В романе Жозе Сарамаго “Слепота” эпидемия потери зрения внезапно поражает безымянный город, одновременно с этим рушится уклад общественной жизни, начинается кризис, вслед за которым приходят насилие, голод, болезни и, наконец, террор. Я читал его несколько лет назад и понимал, что это выдающееся произведение, однако был разочарован его концом: массовая потеря зрения завершается так же внезапно и неожиданно, как началась, и все люди снова прозревают. У меня было такое же впечатление и от финала другого прославленного романа о массовом заболевании, “Чумы” Альбера Камю, в котором давшее название произведению заболевание тоже просто сходит на нет. В своем новом одноглазом состоянии я нахожу такие финалы еще менее подходящими, чем думал раньше. Те из нас, кто на самом деле слеп – или, как в моем случае, слеп наполовину, – отлично знают, что слепота не может просто взять и пройти.
А еще был Один, который пожертвовал одним из своих глаз, чтобы ему было позволено испить из источника, воды которого даровали испившему их божественную мудрость и полное всеведение. А еще был циклоп Полифем, ослепленный Одиссеем…
Я перечитывал все эти истории о глазах с надеждой, как мне кажется, получить утешение. Они дали мне его совсем немного. Мне не была дарована божественная мудрость, и поскольку я люблю Капри, остров Циклопа, мне трудно связывать его с одноглазым гигантом-людоедом. Даже если потеря глаза нас с ним объединяет.

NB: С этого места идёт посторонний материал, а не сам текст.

Lemma ltS_map (phi : R -> R) (psi : K -> K) : alg_morph phi -> injective phi ->
  {morph psi : x y / x + y} -> injective psi ->
  (forall w x, G w x -> G (psi w) (phi x)) ->
  forall v w, ltS F q v w -> ltS F q (psi v) (psi w).
Proof.
move=> hphi phiI psiD psiI hG v w [hle hne]; split; last by move=> /psiI.
rewrite /leS; have -> : psi w - psi v = psi (w - v).
  by apply/eqP; rewrite subr_eq -psiD subrK.
apply: weight_weightS; have [x [Gx nx]] := weightS_weight hle.
exists (phi x); split; first exact: hG.
by apply: contra nx => /eqP e; apply/eqP/phiI; rewrite e alg_morph0.
Qed.

Lemma OmegaI_map (phi phi' : R -> R) (psi psi' : K -> K) :
  alg_morph phi -> alg_morph phi' -> cancel phi phi' -> cancel phi' phi ->
  {morph psi : x y / x + y} -> {morph psi' : x y / x + y} ->
  cancel psi psi' -> cancel psi' psi ->
  (forall w x, G w x -> G (psi w) (phi x)) ->
  (forall w x, G w x -> G (psi' w) (phi' x)) ->
  forall w, OmegaI q I w -> OmegaI q I (psi w).
Proof.
move=> hphi hphi' phiK phiK' psiD psiD' psiK psiK' hG hG' w [p [[Ip hp] notIlt]].
have [Phi [hPhi homPhi piPhi]] := graded_lift hphi psiD hG.
have [Phi' [hPhi' homPhi' piPhi']] := graded_lift hphi' psiD' hG'.
exists (Phi p); split; first by split; [rewrite piPhi Ip alg_morph0 | apply: homPhi].
move=> Ilt_Phi; apply: notIlt.
have lt_back : forall v u, ltS F q v u -> ltS F q (psi' v) (psi' u).
  exact: ltS_map hphi' (can_inj phiK') psiD' (can_inj psiK') hG'.
have Ilt_PhiPhi : Ilt q I w (Phi' (Phi p)).
  rewrite -[w]psiK; apply: (Ilt_map hPhi' lt_back homPhi') Ilt_Phi.
  by move=> p0 /= e; rewrite piPhi' e alg_morph0.
rewrite -[p](subKr (Phi' (Phi p))); apply: IltB => //.
apply: (Ilt_endo_sub (alg_morph_comp hPhi hPhi')) (conj Ip hp) => i /=.
  by rewrite -[q i]psiK; apply: homPhi'; apply: homPhi; apply: homogS_var.
by rewrite piPhi' piPhi phiK.
Qed.

End Presentation.

Theorem proposition2p6
  (F : closedFieldType) (charF0 : [pchar F] =i pred0)
  (K : zmodType) (fgK : fingen_group K)
  (R : comAlgType F)
  (R_nontriv : (1 : R) != 0)
  (R_integral : forall a b : R, a * b = 0 -> a = 0 \/ b = 0)
  (G : K -> R -> Prop) (grG : is_grading G)
  (effG : effective_grading G) (ptdG : pointed_grading G)
  (r : nat) (q : 'I_r -> K)
  (pi : {lrmorphism {mpoly F[r]} -> R})
  (pi_graded : forall w p, homogS q w p -> G w (pi p))
  (pi_surj : forall y : R, exists p, pi p = y)
  (pi_minimal : forall p, pi p = 0 -> in_irrel_sq p)
  (phi : {lrmorphism R -> R}) (phi_bij : bijective phi)
  (psi : {additive K -> K}) (psi_bij : bijective psi)
  (phi_psi_graded : forall w x, G w x -> G (psi w) (phi x))
  (phi_psi_onto : forall w y, G (psi w) y -> exists x, G w x /\ phi x = y) :
  let I := fun p => pi p = 0 in
  (forall w, OmegaI q I w -> OmegaI q I (psi w)) /\
  (forall w, OmegaI q I w -> exists w', OmegaI q I w' /\ psi w' = w).
Proof.
move=> I; case: phi_bij => phi' phiK phiK'; case: psi_bij => psi' psiK psiK'.
have hphi := lrmorphism_alg_morph phi.
have hphi' := can_alg_morph hphi phiK phiK'.
have psiD : {morph psi : x y / x + y} by move=> x y; rewrite raddfD.
have psiD' : {morph psi' : x y / x + y}.
  by move=> x y; apply: (can_inj psiK); rewrite psiD !psiK'.
have hG' w y : G w y -> G (psi' w) (phi' y).
  by rewrite -{1}[w]psiK' => /phi_psi_onto [x [Gx <-]]; rewrite phiK.
have Omega_map :=
  OmegaI_map grG R_nontriv R_integral ptdG.1 pi_graded pi_surj pi_minimal.
split.
  exact: Omega_map hphi hphi' phiK phiK' psiD psiD' psiK psiK' phi_psi_graded hG'.
move=> w hw; exists (psi' w); split; last exact: psiK'.
exact: Omega_map hphi' hphi phiK' phiK psiD' psiD psiK' psiK hG' phi_psi_graded w hw.
Qed.
(* $\mathcal{FCOM}^{S}_{\mathcal{F.V.}} > \mathcal{FCOM}^{S}_{\mathcal{L.V.}}$, i.e. the model $\mathcal{FCOM}$ under the semi-synchronous scheduler with full visibility is computationally more powerful than the model $\mathcal{FCOM}$ under the semi-synchronous scheduler with limited visibility.
   Context: Robots are anonymous, identical, autonomous computational entities viewed as points moving in the Euclidean plane. Each has its own local coordinate system, with no agreement between robots and no common chirality, and perceives itself at its origin. Robots operate in Look-Compute-Move cycles. In Look a robot takes an instantaneous snapshot of the positions (and visible lights, if any) of the robots it can see. In Compute it runs the common algorithm on the snapshot to obtain a destination. In Move it moves there. Models: - $\mathcal{OBLOT}$: robots are oblivious (no memory of previous cycles) and silent (no means of communication). - $\mathcal{LUMI}$: each robot carries a persistent light whose color is taken from a finite set and is set at the end of Compute; the light is visible to the robot itself and to the other robots. - $\mathcal{FSTA}$: the light is internal, visible only to its owner. It acts as a finite persistent state; there is no communication. - $\mathcal{FCOM}$: the light is visible only to the other robots. A robot does not see its own light and is otherwise oblivious. Schedulers: time is divided into rounds. Under the semi-synchronous scheduler $S$ (SSYNCH), in each round an adversarially chosen set of robots is activated and they perform one full cycle in perfect synchronization; every robot is activated infinitely often. Under the fully synchronous scheduler $F$ (FSYNCH), every robot is activated in every round. Visibility: - Full visibility $\mathcal{F.V.}$: every robot sees all robots. - Limited visibility $\mathcal{L.V.}$: a robot sees only the robots within a fixed distance $V_r$ of its current position, with $V_r$ the same for all robots. The visibility graph (robots adjacent iff they see each other) of the initial configuration is assumed connected. Relations: $\mathcal{M}^X_V$ denotes model $\mathcal{M}$ under scheduler $X$ with visibility $V$. For a team $R$ of robots, $Task(\mathcal{M},X,V;R)$ is the set of problems (tasks where robots must form some configuration(s) subject to conditions) solvable by $R$ in that setting. $\mathcal{R}$ is the set of all teams, and $\mathcal{R}_n$ the set of teams of size $n$. - $\mathcal{M}^{X_1}_{V_1} \ge \mathcal{N}^{X_2}_{V_2}$ if for all $R\in\mathcal{R}$, $Task(\mathcal{M},X_1,V_1;R)\supseteq Task(\mathcal{N},X_2,V_2;R)$. - $>$ means $\ge$ holds and there exists $R\in\mathcal{R}$ with $Task(\mathcal{M},X_1,V_1;R)\setminus Task(\mathcal{N},X_2,V_2;R)\neq\emptyset$. - $\perp$ (incomparable) means there exist $R_1,R_2\in\mathcal{R}$ with $Task(\mathcal{M},X_1,V_1;R_1)\setminus Task(\mathcal{N},X_2,V_2;R_1)\neq\emptyset$ and $Task(\mathcal{N},X_2,V_2;R_2)\setminus Task(\mathcal{M},X_1,V_1;R_2)\neq\emptyset$. *)

From Stdlib Require Import Reals List Permutation Relations.
From mathcomp Require Import ssreflect ssrbool ssrfun eqtype ssrnat seq choice fintype.
(* Let $(H,\Lambda,\lambda)$ be an integral Hopf algebra in a strict symmetric monoidal category $\mathcal{C}$, with monoid $(\mu,\eta)$, comonoid $(\Delta,\varepsilon)$ and antipode $s$. Put $\beta:=\lambda\circ\mu$, $\gamma:=(s\otimes\mathrm{id}_H)\circ\Delta\circ\Lambda$ and $\gamma':=\Delta\circ\Lambda$. The following are equivalent: (i) $H$ is nondegenerate, i.e. $(\mathrm{id}_H\otimes\beta)\circ(\gamma\otimes\mathrm{id}_H)=\mathrm{id}_H=(\beta\otimes\mathrm{id}_H)\circ(\mathrm{id}_H\otimes\gamma)$; (ii) $\beta$ is a Frobenius form for the monoid $(H,\mu,\eta)$; (iii) $\gamma'$ is a Frobenius form for the comonoid $(H,\Delta,\varepsilon)$. Consequently, if $H$ is nondegenerate then $H$ admits a pre-Hopf-Frobenius algebra structure, i.e. there exist a comonoid $(\delta_g,\varepsilon_g)$ and a monoid $(\mu_r,\eta_r)$ on $H$ such that taking green monoid $(\mu,\eta)$, green comonoid $(\delta_g,\varepsilon_g)$, red monoid $(\mu_r,\eta_r)$, red comonoid $(\Delta,\varepsilon)$ and antipode $s$ gives a pre-Hopf-Frobenius algebra.
   Context: $\mathcal{C}$ is a strict symmetric monoidal category with unit object $I$ and symmetry $\sigma$. A Hopf algebra $(H,\mu,\eta,\Delta,\varepsilon,s)$: an object $H$ with an associative unital monoid $(\mu\colon H\otimes H\to H,\eta\colon I\to H)$ and a coassociative counital comonoid $(\Delta\colon H\to H\otimes H,\varepsilon\colon H\to I)$ satisfying $\Delta\circ\mu=(\mu\otimes\mu)\circ(\mathrm{id}\otimes\sigma_{H,H}\otimes\mathrm{id})\circ(\Delta\otimes\Delta)$, $\Delta\circ\eta=\eta\otimes\eta$, $\varepsilon\circ\mu=\varepsilon\otimes\varepsilon$, $\varepsilon\circ\eta=\mathrm{id}_I$, and $s\colon H\to H$ with $\mu\circ(s\otimes\mathrm{id})\circ\Delta=\eta\circ\varepsilon=\mu\circ(\mathrm{id}\otimes s)\circ\Delta$. A left cointegral is a point $\Lambda\colon I\to H$ with $\mu\circ(\Lambda\otimes\mathrm{id}_H)=\Lambda\circ\varepsilon$; a right integral is a copoint $\lambda\colon H\to I$ with $(\mathrm{id}_H\otimes\lambda)\circ\Delta=\eta\circ\lambda$; $(H,\Lambda,\lambda)$ is an integral Hopf algebra if moreover $\lambda\circ\Lambda=\mathrm{id}_I$. A Frobenius form for a monoid $(F,\mu,\eta)$ is a morphism $\beta\colon F\otimes F\to I$ with $\beta\circ(\mu\otimes\mathrm{id}_F)=\beta\circ(\mathrm{id}_F\otimes\mu)$ admitting an inverse $\bar\beta\colon I\to F\otimes F$, meaning $(\mathrm{id}_F\otimes\beta)\circ(\bar\beta\otimes\mathrm{id}_F)=\mathrm{id}_F=(\beta\otimes\mathrm{id}_F)\circ(\mathrm{id}_F\otimes\bar\beta)$. Dually, a Frobenius form for a comonoid $(F,\Delta,\varepsilon)$ is a morphism $\gamma\colon I\to F\otimes F$ with $(\Delta\otimes\mathrm{id}_F)\circ\gamma=(\mathrm{id}_F\otimes\Delta)\circ\gamma$ admitting an inverse $\bar\gamma\colon F\otimes F\to I$ satisfying the same two equations with the roles of $\gamma,\bar\gamma$ as cap and cup. A Frobenius algebra is a monoid $(m,u)$ and comonoid $(d,c)$ on the same object with $(\mathrm{id}\otimes m)\circ(d\otimes\mathrm{id})=d\circ m=(m\otimes\mathrm{id})\circ(\mathrm{id}\otimes d)$. A pre-Hopf-Frobenius algebra consists of an object $H$ with a green monoid $(\mu_g,\eta_g)$, green comonoid $(\delta_g,\varepsilon_g)$, red monoid $(\mu_r,\eta_r)$, red comonoid $(\delta_r,\varepsilon_r)$ and an endomorphism $s$ such that $(\mu_g,\eta_g,\delta_g,\varepsilon_g)$ and $(\mu_r,\eta_r,\delta_r,\varepsilon_r)$ are Frobenius algebras and $(\mu_g,\eta_g,\delta_r,\varepsilon_r,s)$ is a Hopf algebra. *)

(* Strictness is expressed by equalities of objects
   ((A*B)*C = A*(B*C), I*A = A, A*I = A) and the corresponding equalities
   of morphisms up to transport ([castm]) along these object equalities. *)

Set Implicit Arguments.
Set Universe Polymorphism.

Definition castm {Ob : Type} {hom : Ob -> Ob -> Type} {A A' B B' : Ob}
  (e1 : A = A') (e2 : B = B') (f : hom A B) : hom A' B' :=
  match e1 in _ = A0, e2 in _ = B0 return hom A0 B0 with
  | eq_refl, eq_refl => f
  end.

Record SSMC := {
  ob : Type;
  hom : ob -> ob -> Type;
  comp : forall A B C : ob, hom B C -> hom A B -> hom A C;
  idm : forall A : ob, hom A A;
  tens : ob -> ob -> ob;
  tensm : forall A B C D : ob, hom A B -> hom C D -> hom (tens A C) (tens B D);
  unit : ob;
  sym : forall A B : ob, hom (tens A B) (tens B A);
  comp_assoc : forall A B C D (f : hom A B) (g : hom B C) (h : hom C D),
      comp h (comp g f) = comp (comp h g) f;
  comp_idl : forall A B (f : hom A B), comp (idm B) f = f;
  comp_idr : forall A B (f : hom A B), comp f (idm A) = f;
  tensm_id : forall A B, tensm (idm A) (idm B) = idm (tens A B);
  tensm_comp : forall A B C A' B' C' (f : hom A B) (g : hom B C)
      (f' : hom A' B') (g' : hom B' C'),
      tensm (comp g f) (comp g' f') = comp (tensm g g') (tensm f f');
  tens_assoc : forall A B C, tens (tens A B) C = tens A (tens B C);
  tens_unitl : forall A, tens unit A = A;
  tens_unitr : forall A, tens A unit = A;
  tensm_assoc : forall A B C D E F (f : hom A B) (g : hom C D) (h : hom E F),
      castm (tens_assoc A C E) (tens_assoc B D F) (tensm (tensm f g) h)
      = tensm f (tensm g h);
  tensm_unitl : forall A B (f : hom A B),
      castm (tens_unitl A) (tens_unitl B) (tensm (idm unit) f) = f;
  tensm_unitr : forall A B (f : hom A B),
      castm (tens_unitr A) (tens_unitr B) (tensm f (idm unit)) = f;
  sym_nat : forall A B C D (f : hom A B) (g : hom C D),
      comp (sym B D) (tensm f g) = comp (tensm g f) (sym A C);
  sym_inv : forall A B, comp (sym B A) (sym A B) = idm (tens A B);
  sym_hex : forall A B C,
      castm (hom := hom) (tens_assoc A B C) (@eq_refl _ (tens C (tens A B))) (sym (tens A B) C)
      = castm (hom := hom) (@eq_refl _ (tens A (tens B C))) (tens_assoc C A B)
          (comp (castm (hom := hom) (tens_assoc A C B) (@eq_refl _ (tens (tens C A) B))
                   (tensm (sym A C) (idm B)))
                (tensm (idm A) (sym B C)))
}.

Arguments comp {s A B C} _ _.
Arguments idm {s} A.
Arguments tens {s} _ _.
Arguments tensm {s A B C D} _ _.
Arguments unit {s}.
Arguments sym {s} A B.
Arguments tens_assoc {s} A B C.
Arguments tens_unitl {s} A.
Arguments tens_unitr {s} A.

Section Algebra.
Context {C : SSMC}.
Local Notation hom := (hom C).
Local Notation "X ⊗ Y" := (tens X Y) (at level 40, left associativity).
Local Notation I := (@unit C).

Definition e4 (X : ob C) : (X ⊗ X) ⊗ (X ⊗ X) = X ⊗ ((X ⊗ X) ⊗ X) :=
  eq_trans (tens_assoc X X (X ⊗ X)) (f_equal (tens X) (eq_sym (tens_assoc X X X))).

Definition mid_swap (X : ob C) : hom ((X ⊗ X) ⊗ (X ⊗ X)) ((X ⊗ X) ⊗ (X ⊗ X)) :=
  castm (eq_sym (e4 X)) (eq_sym (e4 X)) (tensm (idm X) (tensm (sym X X) (idm X))).

Definition is_monoid {X : ob C} (mu : hom (X ⊗ X) X) (eta : hom I X) : Prop :=
  castm (tens_assoc X X X) eq_refl (comp mu (tensm mu (idm X)))
    = comp mu (tensm (idm X) mu)
  /\ castm (tens_unitl X) eq_refl (comp mu (tensm eta (idm X))) = idm X
  /\ castm (tens_unitr X) eq_refl (comp mu (tensm (idm X) eta)) = idm X.

Definition is_comonoid {X : ob C} (d : hom X (X ⊗ X)) (e : hom X I) : Prop :=
  castm eq_refl (tens_assoc X X X) (comp (tensm d (idm X)) d)
    = comp (tensm (idm X) d) d
  /\ castm eq_refl (tens_unitl X) (comp (tensm e (idm X)) d) = idm X
  /\ castm eq_refl (tens_unitr X) (comp (tensm (idm X) e) d) = idm X.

Однако я нашел источник для утешения и даже вдохновения, я нашел его не в художественной литературе, а в реальной истории наваба Патауди и игры в крикет. Все поклонники крикета – и конечно же все без исключения индийские почитатели этой игры – знают Мансура Али Хана, наваба, то есть правителя крошечного княжеского штата Патауди, прославившегося как “Тигр” или, по большей части в Англии, как “Нооб”, одну из самых ярких звезд этого спорта, игрока, по‑настоящему талантливо владевшего битой, капитана индийской сборной и безгранично гламурного персонажа, мужа одной из кинодив Шармилы Тагор и отца еще двух звезд экрана – Саифа и Сохи Али Хан. Однако за несколько месяцев до начала своей блестящей международной спортивной карьеры, когда ему едва исполнилось двадцать, он попал в автокатастрофу и потерял способность видеть одним глазом. Было сложно поверить, что бьющий игрок с одним глазом, даже обладая выдающимися талантами, сможет отбивать подачи таких внушающих трепет боулеров, как Уэс Холл и Чарли Гриффитс из команды Вест-Индии, главного соперника индийской команды. Однако он играл, и играл прекрасно, и даже был назначен капитаном – на тот момент он стал самым молодым игроком, ставшим капитаном какой‑либо крикетной сборной, – вот так началась его блестящая карьера. Я решил, что Тигр станет для меня ролевой моделью. Если он мог справляться с ужасающей быстротой Холла и Гриффитса, я должен научиться справляться с тем, чтобы налить в стакан воды, не пролив ее, переходить через улицу, не сталкиваясь с другими пешеходами, и в целом успешно справляться с тем, чтобы быть активным человеком с одним глазом в мире людей с двумя глазами.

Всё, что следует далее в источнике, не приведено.